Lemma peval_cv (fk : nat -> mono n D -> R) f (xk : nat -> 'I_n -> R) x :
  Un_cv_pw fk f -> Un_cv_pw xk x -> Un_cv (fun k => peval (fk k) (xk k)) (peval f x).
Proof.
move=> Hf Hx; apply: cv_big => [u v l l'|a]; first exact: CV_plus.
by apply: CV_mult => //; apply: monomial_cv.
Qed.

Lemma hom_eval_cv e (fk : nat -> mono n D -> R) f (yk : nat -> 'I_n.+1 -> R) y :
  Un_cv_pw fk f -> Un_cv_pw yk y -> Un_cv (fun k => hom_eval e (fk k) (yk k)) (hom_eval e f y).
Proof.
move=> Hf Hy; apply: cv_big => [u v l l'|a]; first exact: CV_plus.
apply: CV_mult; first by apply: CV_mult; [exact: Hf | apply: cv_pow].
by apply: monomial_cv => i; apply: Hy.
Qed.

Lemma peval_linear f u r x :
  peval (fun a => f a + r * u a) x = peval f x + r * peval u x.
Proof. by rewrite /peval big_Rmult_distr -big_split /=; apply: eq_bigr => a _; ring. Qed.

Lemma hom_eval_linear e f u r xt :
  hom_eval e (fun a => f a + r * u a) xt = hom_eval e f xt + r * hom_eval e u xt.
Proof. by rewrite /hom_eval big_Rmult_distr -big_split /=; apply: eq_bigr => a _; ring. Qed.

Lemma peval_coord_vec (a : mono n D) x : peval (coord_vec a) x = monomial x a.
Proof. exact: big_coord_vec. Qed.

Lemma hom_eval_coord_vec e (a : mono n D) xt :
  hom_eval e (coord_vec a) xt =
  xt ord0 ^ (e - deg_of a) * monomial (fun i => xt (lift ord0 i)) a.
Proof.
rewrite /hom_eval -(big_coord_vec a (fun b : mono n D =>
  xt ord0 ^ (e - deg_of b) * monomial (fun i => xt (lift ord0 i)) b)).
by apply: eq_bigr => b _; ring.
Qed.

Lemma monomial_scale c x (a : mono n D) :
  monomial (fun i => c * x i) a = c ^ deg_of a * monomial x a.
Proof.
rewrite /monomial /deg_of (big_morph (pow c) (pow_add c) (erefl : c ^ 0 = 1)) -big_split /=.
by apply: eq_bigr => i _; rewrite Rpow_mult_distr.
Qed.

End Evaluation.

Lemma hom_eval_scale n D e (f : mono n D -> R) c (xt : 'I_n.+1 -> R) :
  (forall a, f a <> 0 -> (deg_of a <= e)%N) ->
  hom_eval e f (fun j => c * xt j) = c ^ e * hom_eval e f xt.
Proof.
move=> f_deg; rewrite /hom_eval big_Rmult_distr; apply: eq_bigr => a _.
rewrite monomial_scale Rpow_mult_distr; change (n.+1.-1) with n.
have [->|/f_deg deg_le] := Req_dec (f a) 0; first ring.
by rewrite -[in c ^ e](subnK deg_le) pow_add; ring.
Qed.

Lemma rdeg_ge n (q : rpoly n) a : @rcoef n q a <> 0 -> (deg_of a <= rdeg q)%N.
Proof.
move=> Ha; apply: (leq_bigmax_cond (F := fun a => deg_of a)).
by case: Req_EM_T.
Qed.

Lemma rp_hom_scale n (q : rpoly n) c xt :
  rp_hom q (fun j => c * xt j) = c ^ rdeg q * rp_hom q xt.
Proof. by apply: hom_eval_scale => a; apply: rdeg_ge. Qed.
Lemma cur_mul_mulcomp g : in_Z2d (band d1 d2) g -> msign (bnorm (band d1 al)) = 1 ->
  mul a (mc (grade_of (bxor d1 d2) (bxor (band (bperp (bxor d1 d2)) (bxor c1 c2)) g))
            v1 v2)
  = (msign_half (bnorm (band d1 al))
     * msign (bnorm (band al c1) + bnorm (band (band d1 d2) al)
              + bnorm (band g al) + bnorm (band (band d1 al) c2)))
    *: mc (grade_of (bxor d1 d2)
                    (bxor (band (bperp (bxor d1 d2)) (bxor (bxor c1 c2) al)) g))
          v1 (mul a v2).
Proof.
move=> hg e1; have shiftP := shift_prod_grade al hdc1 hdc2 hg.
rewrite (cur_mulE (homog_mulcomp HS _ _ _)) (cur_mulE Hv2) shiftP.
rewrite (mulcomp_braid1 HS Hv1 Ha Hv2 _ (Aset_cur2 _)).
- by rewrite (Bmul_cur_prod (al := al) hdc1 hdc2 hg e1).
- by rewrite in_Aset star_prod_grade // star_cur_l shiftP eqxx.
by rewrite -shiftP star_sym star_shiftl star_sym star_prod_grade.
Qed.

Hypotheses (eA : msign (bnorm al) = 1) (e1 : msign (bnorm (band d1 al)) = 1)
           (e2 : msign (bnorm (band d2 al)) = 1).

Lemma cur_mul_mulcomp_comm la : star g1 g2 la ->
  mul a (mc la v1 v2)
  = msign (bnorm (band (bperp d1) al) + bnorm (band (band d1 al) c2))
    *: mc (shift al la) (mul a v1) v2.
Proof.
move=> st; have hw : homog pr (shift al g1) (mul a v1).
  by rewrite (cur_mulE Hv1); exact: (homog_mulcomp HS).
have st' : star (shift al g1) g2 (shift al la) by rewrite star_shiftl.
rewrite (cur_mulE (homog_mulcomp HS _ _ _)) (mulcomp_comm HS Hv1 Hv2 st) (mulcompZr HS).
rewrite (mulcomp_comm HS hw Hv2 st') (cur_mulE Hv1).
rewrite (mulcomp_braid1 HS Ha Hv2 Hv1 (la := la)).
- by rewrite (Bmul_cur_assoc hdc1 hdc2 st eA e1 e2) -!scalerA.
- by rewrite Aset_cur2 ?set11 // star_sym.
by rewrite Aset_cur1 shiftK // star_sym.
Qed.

Prompt => Return all lines of the data in which the string "lift" appears.

Output of the task =>
  xt ord0 ^ (e - deg_of a) * monomial (fun i => xt (lift ord0 i)) a.
  xt ord0 ^ (e - deg_of b) * monomial (fun i => xt (lift ord0 i)) b)).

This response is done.